Available records

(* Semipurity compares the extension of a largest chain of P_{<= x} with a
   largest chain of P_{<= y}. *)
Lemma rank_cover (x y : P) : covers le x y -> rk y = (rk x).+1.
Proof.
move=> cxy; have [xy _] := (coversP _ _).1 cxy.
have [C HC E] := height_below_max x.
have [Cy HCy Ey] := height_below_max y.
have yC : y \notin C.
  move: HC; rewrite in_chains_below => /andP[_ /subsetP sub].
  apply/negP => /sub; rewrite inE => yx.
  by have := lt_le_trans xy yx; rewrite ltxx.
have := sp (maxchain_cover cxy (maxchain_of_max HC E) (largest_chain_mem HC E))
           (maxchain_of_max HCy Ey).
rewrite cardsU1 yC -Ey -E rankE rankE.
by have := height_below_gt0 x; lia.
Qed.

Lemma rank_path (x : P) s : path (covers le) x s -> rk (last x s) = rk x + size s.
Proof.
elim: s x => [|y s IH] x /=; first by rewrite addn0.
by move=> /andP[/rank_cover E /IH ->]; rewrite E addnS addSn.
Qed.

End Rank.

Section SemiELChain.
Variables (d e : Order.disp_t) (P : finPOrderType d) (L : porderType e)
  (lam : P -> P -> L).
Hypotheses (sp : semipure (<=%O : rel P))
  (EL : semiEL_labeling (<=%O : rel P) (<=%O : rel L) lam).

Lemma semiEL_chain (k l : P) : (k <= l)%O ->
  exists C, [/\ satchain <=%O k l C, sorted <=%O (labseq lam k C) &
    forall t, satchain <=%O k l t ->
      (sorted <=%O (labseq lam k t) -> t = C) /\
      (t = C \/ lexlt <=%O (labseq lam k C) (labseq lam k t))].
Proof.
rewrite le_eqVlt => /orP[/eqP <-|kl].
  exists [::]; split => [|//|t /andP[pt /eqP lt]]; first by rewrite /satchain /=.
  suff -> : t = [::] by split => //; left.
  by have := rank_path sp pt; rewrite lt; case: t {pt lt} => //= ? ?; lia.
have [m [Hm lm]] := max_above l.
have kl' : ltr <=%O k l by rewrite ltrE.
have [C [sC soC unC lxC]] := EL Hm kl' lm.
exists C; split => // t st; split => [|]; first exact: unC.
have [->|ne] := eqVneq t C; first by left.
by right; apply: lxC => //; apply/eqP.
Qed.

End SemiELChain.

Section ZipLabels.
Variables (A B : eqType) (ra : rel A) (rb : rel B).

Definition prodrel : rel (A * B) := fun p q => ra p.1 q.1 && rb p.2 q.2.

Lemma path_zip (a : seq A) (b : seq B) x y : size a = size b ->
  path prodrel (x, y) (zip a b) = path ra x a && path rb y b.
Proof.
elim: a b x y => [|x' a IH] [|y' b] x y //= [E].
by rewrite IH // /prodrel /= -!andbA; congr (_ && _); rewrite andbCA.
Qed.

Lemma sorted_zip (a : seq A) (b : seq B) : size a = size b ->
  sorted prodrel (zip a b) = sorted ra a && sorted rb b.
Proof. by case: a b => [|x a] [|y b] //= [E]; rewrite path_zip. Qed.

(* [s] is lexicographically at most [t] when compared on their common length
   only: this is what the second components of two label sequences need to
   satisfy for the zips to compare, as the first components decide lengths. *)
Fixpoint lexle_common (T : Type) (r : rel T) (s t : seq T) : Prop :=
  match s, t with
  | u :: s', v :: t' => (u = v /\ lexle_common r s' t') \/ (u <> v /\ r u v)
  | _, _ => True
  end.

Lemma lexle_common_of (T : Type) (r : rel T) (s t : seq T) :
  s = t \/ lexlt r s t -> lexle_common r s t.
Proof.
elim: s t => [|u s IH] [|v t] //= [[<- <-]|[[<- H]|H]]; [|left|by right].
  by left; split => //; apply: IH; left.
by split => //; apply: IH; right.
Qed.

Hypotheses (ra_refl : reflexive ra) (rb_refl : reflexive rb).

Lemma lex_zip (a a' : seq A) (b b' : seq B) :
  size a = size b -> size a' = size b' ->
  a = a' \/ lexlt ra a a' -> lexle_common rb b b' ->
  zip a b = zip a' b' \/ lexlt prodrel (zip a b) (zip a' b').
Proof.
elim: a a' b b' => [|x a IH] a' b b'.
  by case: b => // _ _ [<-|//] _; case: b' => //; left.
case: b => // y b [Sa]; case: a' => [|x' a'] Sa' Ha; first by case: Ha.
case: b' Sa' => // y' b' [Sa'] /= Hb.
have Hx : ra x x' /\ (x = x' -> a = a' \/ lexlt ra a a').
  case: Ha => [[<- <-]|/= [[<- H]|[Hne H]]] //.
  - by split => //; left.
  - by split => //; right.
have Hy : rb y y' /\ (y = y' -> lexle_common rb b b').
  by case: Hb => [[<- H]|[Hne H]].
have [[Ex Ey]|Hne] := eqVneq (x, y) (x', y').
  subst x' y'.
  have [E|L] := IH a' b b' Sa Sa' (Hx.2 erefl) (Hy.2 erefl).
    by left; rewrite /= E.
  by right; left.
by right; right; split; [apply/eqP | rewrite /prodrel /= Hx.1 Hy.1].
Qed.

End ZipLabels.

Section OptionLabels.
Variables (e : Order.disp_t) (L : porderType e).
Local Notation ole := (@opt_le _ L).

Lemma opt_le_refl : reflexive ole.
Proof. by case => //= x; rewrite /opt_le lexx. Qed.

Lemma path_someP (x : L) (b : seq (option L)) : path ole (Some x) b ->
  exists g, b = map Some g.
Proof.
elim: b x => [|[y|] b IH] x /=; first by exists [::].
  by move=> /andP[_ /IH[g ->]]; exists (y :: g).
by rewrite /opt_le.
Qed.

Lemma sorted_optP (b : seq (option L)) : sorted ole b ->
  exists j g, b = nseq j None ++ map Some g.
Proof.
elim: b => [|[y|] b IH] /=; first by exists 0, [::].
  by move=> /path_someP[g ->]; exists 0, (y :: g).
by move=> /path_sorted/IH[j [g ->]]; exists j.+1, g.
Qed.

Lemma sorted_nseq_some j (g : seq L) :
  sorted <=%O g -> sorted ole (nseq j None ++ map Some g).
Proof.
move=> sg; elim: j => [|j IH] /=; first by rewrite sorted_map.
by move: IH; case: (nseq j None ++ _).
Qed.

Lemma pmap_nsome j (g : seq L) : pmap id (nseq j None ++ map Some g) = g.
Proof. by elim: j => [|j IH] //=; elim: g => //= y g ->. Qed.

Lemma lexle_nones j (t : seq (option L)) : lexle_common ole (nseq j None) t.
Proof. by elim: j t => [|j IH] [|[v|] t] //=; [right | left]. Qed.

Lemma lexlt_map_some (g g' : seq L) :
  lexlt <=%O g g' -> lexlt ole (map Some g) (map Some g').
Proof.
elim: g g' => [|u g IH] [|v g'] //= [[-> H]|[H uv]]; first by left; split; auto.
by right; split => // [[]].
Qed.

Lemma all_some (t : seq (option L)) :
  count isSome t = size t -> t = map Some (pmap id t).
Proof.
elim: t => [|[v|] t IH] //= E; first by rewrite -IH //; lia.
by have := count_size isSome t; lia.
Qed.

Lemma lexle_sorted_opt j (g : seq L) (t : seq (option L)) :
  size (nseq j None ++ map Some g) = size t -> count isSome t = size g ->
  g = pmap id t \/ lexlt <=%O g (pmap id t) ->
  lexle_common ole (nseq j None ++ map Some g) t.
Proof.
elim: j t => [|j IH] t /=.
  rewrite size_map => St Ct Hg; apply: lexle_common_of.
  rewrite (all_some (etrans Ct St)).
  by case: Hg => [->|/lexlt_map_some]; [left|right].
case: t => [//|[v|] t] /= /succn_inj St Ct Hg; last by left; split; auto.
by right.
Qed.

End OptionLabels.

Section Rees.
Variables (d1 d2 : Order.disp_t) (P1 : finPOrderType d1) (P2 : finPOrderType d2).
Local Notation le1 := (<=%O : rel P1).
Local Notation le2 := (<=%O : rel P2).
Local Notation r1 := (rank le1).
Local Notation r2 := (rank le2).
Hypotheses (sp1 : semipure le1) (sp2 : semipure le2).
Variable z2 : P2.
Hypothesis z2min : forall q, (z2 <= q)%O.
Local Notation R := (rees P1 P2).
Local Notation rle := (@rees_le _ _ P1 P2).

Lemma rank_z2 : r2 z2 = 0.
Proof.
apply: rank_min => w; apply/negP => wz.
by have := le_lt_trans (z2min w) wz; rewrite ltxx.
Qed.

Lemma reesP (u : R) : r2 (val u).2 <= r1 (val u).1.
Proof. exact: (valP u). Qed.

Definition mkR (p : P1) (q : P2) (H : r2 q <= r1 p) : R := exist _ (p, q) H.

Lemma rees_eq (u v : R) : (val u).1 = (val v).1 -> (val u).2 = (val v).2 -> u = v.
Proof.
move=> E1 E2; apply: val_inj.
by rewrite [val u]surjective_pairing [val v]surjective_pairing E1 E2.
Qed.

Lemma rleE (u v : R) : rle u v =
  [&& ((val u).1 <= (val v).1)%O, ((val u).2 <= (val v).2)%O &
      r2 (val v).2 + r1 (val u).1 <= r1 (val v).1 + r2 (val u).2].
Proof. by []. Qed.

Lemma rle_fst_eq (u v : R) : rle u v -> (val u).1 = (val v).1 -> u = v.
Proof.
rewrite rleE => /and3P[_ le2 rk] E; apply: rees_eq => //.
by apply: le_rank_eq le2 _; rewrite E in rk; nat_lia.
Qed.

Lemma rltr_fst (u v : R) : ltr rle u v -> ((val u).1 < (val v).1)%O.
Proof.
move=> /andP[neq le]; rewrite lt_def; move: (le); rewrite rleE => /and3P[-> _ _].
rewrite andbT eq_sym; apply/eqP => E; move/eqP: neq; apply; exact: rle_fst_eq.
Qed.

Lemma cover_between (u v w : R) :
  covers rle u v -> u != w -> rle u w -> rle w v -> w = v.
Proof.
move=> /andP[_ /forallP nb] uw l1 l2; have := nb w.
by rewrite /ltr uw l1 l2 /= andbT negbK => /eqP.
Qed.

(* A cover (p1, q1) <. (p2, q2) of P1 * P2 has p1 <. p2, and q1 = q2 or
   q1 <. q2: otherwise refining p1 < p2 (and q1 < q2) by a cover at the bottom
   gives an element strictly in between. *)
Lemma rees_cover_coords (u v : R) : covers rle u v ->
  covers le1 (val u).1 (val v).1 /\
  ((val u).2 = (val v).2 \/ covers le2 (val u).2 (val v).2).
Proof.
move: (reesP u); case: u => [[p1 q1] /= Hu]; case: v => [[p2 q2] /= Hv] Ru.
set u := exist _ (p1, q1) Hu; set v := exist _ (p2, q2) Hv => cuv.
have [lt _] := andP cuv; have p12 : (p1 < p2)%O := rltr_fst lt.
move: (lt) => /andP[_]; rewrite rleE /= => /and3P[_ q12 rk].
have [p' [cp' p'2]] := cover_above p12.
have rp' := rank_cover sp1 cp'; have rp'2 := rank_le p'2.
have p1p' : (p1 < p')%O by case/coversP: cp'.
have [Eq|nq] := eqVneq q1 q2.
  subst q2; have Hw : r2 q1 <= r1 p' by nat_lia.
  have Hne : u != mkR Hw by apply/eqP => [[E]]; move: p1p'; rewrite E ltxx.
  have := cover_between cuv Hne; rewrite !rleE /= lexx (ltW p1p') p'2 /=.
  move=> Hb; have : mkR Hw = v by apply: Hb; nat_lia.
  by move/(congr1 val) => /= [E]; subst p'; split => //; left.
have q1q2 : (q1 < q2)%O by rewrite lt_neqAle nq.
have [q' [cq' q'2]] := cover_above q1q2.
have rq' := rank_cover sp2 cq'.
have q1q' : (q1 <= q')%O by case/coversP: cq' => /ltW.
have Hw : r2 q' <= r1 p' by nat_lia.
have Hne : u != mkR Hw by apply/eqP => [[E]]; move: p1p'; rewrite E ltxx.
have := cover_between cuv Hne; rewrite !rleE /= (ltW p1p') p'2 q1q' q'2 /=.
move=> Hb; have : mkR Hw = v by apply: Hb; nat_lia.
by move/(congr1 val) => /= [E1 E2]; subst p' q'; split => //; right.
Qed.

Prompt
Report each line above that includes the string "coversP".

Answer to this problem
move=> cxy; have [xy _] := (coversP _ _).1 cxy.
have p1p' : (p1 < p')%O by case/coversP: cp'.
have q1q' : (q1 <= q')%O by case/coversP: cq' => /ltW.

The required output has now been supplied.